I have 2 cases:
The same column can have the following cases:
1.- Having NA and values.
2.- Having only NA.
I need to make a mutate for these 2 cases in the same column, however, when I try the case of an empty column (only with NA), I get an error.
How can I handle the case of a completely empty column inside mutate, using case_when and consider the other cases?
case_1 <- tibble("a" = c("a","a", "a","a"),
"b" = c(NA,"b", NA,"b"))
case_2 <- tibble("a" = c("a","a", "a","a"),
"b" = c(NA,NA,NA,NA))
case_1 <- case_1 %>% mutate("a" = case_when(!is.na(a) ~ a,
is.na(a) ~ na.omit(unique(a))),
"b" = case_when(!is.na(b) ~ b,
is.na(b) ~ na.omit(unique(b))))
case_2 <- case_2 %>% mutate("a" = case_when(!is.na(a) ~ a,
is.na(a) ~ na.omit(unique(a))),
"b" = case_when(!is.na(b) ~ b,
is.na(b) ~ na.omit(unique(b))))
The first case (case_1) works fine, the case_2 have problems.
It looks as if you're trying to fill any non-NA
values both forwards and backwards. You can achieve what you're trying to do here with tidyr::fill()
, ensuring you specify the .direction
:
case_1 |>
tidyr::fill(b, .direction = "downup")
# a b
# <chr> <chr>
# 1 a b
# 2 a b
# 3 a b
# 4 a b
case_2 |>
tidyr::fill(b, .direction = "downup")
# a b
# <chr> <lgl>
# 1 a NA
# 2 a NA
# 3 a NA
# 4 a NA
However, in the general case that you want to use dplyr::case_when()
and all the values in b
might be NA
, you can't have na.omit(unique(b))
on the right-hand side, as it creates a zero-length vector. This is the wrong length to be assigned to a data frame column greater than length zero, and will not (cannot) be recycled into a vector of the correct length. case_when()
evaluates all the possible return vectors, even if they are never assigned. For example:
case_2 |>
mutate(
"b" = case_when(
TRUE ~ NA,
FALSE ~ na.omit(unique(b))
)
)
# Error in `mutate()`:
# ℹ In argument: `b = case_when(TRUE ~ NA, FALSE ~ na.omit(unique(b)))`.
# Caused by error:
# ! `b` must be size 4 or 1, not 0.
# Run `rlang::last_trace()` to see where the error occurred.
Clearly, FALSE
can never be TRUE
so we'll never need to assign na.omit(unique(b))
. However, case_when()
describes itself as general vectorised if-else. The dplyr::if_else()
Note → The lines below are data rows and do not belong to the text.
(* Let $A=\mathrm{Sym}(\mathrm{Sym}^2(\mathbb{C}^\infty))=\mathbb{C}[x_{i,j}]$ and let $\mathfrak{m}$ be the ideal generated by $x_{i,i}-1$ ($i\ge1$) and $x_{i,j}$ ($i\ne j$). If $I$ is a nonzero $\mathrm{GL}_\infty$-stable ideal of $A$, then $I+\mathfrak{m}=A$.
   Context: $x_{i,j}=e_ie_j$ for the basis $e_1,e_2,\dots$ of $\mathbb{C}^\infty$; $\mathrm{GL}_\infty=\bigcup_n\mathrm{GL}_n$ acts on $A$ via its action on $\mathbb{C}^\infty$. *)

From HB Require Import structures.
From mathcomp Require Import all_boot all_order all_algebra.
Set Implicit Arguments. Unset Strict Implicit. Unset Printing Implicit Defensive.
Import Order.TTheory GRing.Theory Num.Theory.
Local Open Scope ring_scope.

(* Model of A = Sym(Sym^2(K^oo)) = K[x_{i,j}] (x_{i,j} = x_{j,i}) as the ring of
   polynomial functions on points v : nat -> nat -> K, where the variable
   x_{i,j} is the coordinate function v |-> v (min i j) (max i j).
   Since K is infinite, polynomials in finitely many of the x_{i,j} are
   faithfully represented by their polynomial functions. *)
Definition pt (K : Type) := nat -> nat -> K.
Definition fn (K : Type) := pt K -> K.

Definition xvar (K : Type) (i j : nat) : fn K :=
  fun v => v (minn i j) (maxn i j).

Inductive is_poly (K : numClosedFieldType) : fn K -> Prop :=
| poly_const (c : K) : is_poly (fun _ => c)
| poly_var (i j : nat) : is_poly (xvar i j)
| poly_add (f g : fn K) : is_poly f -> is_poly g -> is_poly (fun v => f v + g v)
| poly_mul (f g : fn K) : is_poly f -> is_poly g -> is_poly (fun v => f v * g v).

Definition is_ideal (K : numClosedFieldType) (I : fn K -> Prop) : Prop :=
  [/\ (forall f, I f -> is_poly f),
      I (fun _ => 0),
      (forall f g, I f -> I g -> I (fun v => f v + g v)) &
      (forall a f, is_poly a -> I f -> I (fun v => a v * f v))].

Inductive gen_ideal (K : numClosedFieldType) (G : fn K -> Prop) : fn K -> Prop :=
| gen_ideal0 : gen_ideal G (fun _ => 0)
| gen_ideal_gen (a g : fn K) : is_poly a -> G g -> gen_ideal G (fun v => a v * g v)
| gen_ideal_add (f g : fn K) :
    gen_ideal G f -> gen_ideal G g -> gen_ideal G (fun v => f v + g v).

Inductive m_gen (K : numClosedFieldType) : fn K -> Prop :=
| m_gen_diag (i : nat) : m_gen (fun v => xvar i i v - 1)
| m_gen_off (i j : nat) : i <> j -> m_gen (xvar i j).

Definition m_ideal (K : numClosedFieldType) : fn K -> Prop := gen_ideal (@m_gen K).

(* g in GL_n viewed as an element of GL_oo (identity on e_k, k >= n):
   entry (k, i) is the e_k-coordinate of g e_i. *)
Definition ext (K : numClosedFieldType) (n : nat) (M : 'M[K]_n) (k i : nat) : K :=
  match (insub k : option 'I_n), (insub i : option 'I_n) with
  | Some k', Some i' => M k' i'
  | _, _ => (k == i)%:R
  end.

(* g . x_{i,j} = (g e_i)(g e_j) = sum_{k,l} g_{k,i} g_{l,j} x_{k,l};
   the bound n + i + j + 1 covers all k with g_{k,i} <> 0. *)
Definition act_pt (K : numClosedFieldType) (n : nat) (M : 'M[K]_n) (v : pt K) : pt K :=
  fun i j => \sum_(k < n + i + j + 1) \sum_(l < n + i + j + 1)
               ext M k i * ext M l j * xvar k l v.

Definition act (K : numClosedFieldType) (n : nat) (M : 'M[K]_n) (f : fn K) : fn K :=
  fun v => f (act_pt M v).

Definition GL_stable (K : numClosedFieldType) (I : fn K -> Prop) : Prop :=
  forall (n : nat) (M : 'M[K]_n), M \in unitmx -> forall f, I f -> I (act M f).

From mathcomp Require Import all_boot all_algebra.
From mathcomp Require Import ring zify.
From Stdlib Require Import FunctionalExtensionality Classical.
Set Implicit Arguments. Unset Strict Implicit. Unset Printing Implicit Defensive.
Import GRing.Theory Num.Theory.
Local Open Scope ring_scope.

(* The point [idpt] (x_{i,i} = 1, x_{i,j} = 0) is the common zero of m, so it
   suffices to find g in I with g(idpt) <> 0: then a - (a(idpt)/g(idpt)) g
   vanishes at idpt, hence lies in m.  Suppose I vanished at idpt.  By
   GL-invariance it vanishes at every g.idpt = g^T g, and since its zero set
   is closed along polynomial curves (a nonzero polynomial in t has only
   finitely many roots), it vanishes at every finite symmetric matrix: these
   are reached from the identity by symmetric Gaussian elimination
   S = M^T W M, after perturbing each pivot S_kk along t |-> S_kk + t to make
   it invertible.  As every polynomial depends on finitely many variables and
   v |-> (x_{i,j}(v))_{i,j<N} is such a symmetric matrix, I would be zero. *)

Section PolynomialFunctions.
Variable K : numClosedFieldType.

Definition idpt : pt K := fun i j => (i == j)%:R.

Lemma xvar_idpt i j : xvar i j idpt = (i == j)%:R.
Proof. by rewrite /xvar /idpt; case: (leqP i j) => // _; rewrite eq_sym. Qed.

Lemma is_poly_sub (f g : fn K) : is_poly f -> is_poly g -> is_poly (fun v => f v - g v).
Proof.
move=> pf pg; have := poly_add pf (poly_mul (poly_const (-1)) pg).
by congr is_poly; apply: functional_extensionality => v; rewrite mulN1r.
Qed.

Lemma gen_ideal_mull (G : fn K -> Prop) (b h : fn K) :
  is_poly b -> gen_ideal G h -> gen_ideal G (fun v => b v * h v).
Proof.
move=> pb; elim=> [|a g pa Gg|f g _ IHf _ IHg].
- rewrite (_ : (fun v => _) = fun _ => 0); first exact: gen_ideal0.
  by apply: functional_extensionality => v; rewrite mulr0.
- rewrite (_ : (fun v => _) = fun v => (fun w => b w * a w) v * g v).
    by apply: gen_ideal_gen => //; apply: poly_mul.
  by apply: functional_extensionality => v; rewrite mulrA.
- rewrite (_ : (fun v => _) = fun v => (fun w => b w * f w) v + (fun w => b w * g w) v).
    exact: gen_ideal_add.
  by apply: functional_extensionality => v; rewrite mulrDr.
Qed.

Lemma m_ideal_sub_idpt (h : fn K) : is_poly h -> m_ideal (fun v => h v - h idpt).
Proof.
elim=> [c|i j|f g pf IHf pg IHg|f g pf IHf pg IHg].
- rewrite (_ : (fun _ => _) = fun _ => 0); first exact: gen_ideal0.
  by apply: functional_extensionality => v; rewrite subrr.
- rewrite xvar_idpt; have [<-|nij] := eqVneq i j.
    rewrite (_ : (fun v => _) = fun v => (fun _ => 1) v * (fun w => xvar i i w - 1) v).
      by apply: gen_ideal_gen; [apply: poly_const | apply: m_gen_diag].
    by apply: functional_extensionality => v; rewrite mul1r.
  rewrite (_ : (fun v => _) = fun v => (fun _ => 1) v * xvar i j v).
    by apply: gen_ideal_gen; [apply: poly_const | apply: m_gen_off; apply/eqP].
  by apply: functional_extensionality => v; rewrite mul1r subr0.
- rewrite (_ : (fun v => _) = fun v => (fun w => f w - f idpt) v + (fun w => g w - g idpt) v).
    exact: gen_ideal_add.
  by apply: functional_extensionality => v; ring.
- rewrite (_ : (fun v => _) = fun v =>
      (fun w => g w * (f w - f idpt)) v + (fun w => (fun _ => f idpt) w * (g w - g idpt)) v).
    by apply: gen_ideal_add; apply: gen_ideal_mull => //; apply: poly_const.
  by apply: functional_extensionality => v; ring.
Qed.

Lemma m_ideal_vanishing_idpt (h : fn K) : is_poly h -> h idpt = 0 -> m_ideal h.
Proof.
move=> ph h0; rewrite (_ : h = fun v => h v - h idpt); first exact: m_ideal_sub_idpt.
by apply: functional_extensionality => v; rewrite h0 subr0.
Qed.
is stricter than base::ifelse()
, with various safety checks for type and length, which are what throw this error. You would see the same error with b = if_else(TRUE, NA, na.omit(unique(b)))
, but not with b = ifelse(TRUE, NA, na.omit(unique(b)))
.
if()
also does not evaluate the FALSE
branch if the TRUE
branch is evaluated. So, you can keep your case_when()
and introduce an if()
statement in your pipe to just return NA
if all values are NA
, and never evaluate the case_when()
:
case_2 |> mutate(
"a" = case_when(
!is.na(a) ~ a,
is.na(a) ~ na.omit(unique(a))
),
"b" = if (all(is.na(b))) NA else case_when(
!is.na(b) ~ b,
is.na(b) ~ na.omit(unique(b))
)
)
# a b
# <chr> <lgl>
# 1 a NA
# 2 a NA
# 3 a NA
# 4 a NA